--- Records for the task Enclosed Below ---

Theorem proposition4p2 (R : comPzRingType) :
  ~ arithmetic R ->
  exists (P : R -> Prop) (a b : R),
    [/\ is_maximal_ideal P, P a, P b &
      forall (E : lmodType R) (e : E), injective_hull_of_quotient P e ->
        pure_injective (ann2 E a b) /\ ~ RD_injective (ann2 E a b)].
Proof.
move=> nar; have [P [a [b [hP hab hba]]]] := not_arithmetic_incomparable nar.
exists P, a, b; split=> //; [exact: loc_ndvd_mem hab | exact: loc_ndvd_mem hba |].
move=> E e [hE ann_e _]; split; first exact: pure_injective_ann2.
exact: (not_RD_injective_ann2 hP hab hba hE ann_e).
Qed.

--- End of Enclosed Records for the task ---

> _Work to be completed_:
Copy the lines of the listing exactly. Skip none.

> _Problem solution_:
Theorem proposition4p2 (R : comPzRingType) :
  ~ arithmetic R ->
  exists (P : R -> Prop) (a b : R),
    [/\ is_maximal_ideal P, P a, P b &
      forall (E : lmodType R) (e : E), injective_hull_of_quotient P e ->
        pure_injective (ann2 E a b) /\ ~ RD_injective (ann2 E a b)].
Proof.
move=> nar; have [P [a [b [hP hab hba]]]] := not_arithmetic_incomparable nar.
exists P, a, b; split=> //; [exact: loc_ndvd_mem hab | exact: loc_ndvd_mem hba |].
move=> E e [hE ann_e _]; split; first exact: pure_injective_ann2.
exact: (not_RD_injective_ann2 hP hab hba hE ann_e).
Qed.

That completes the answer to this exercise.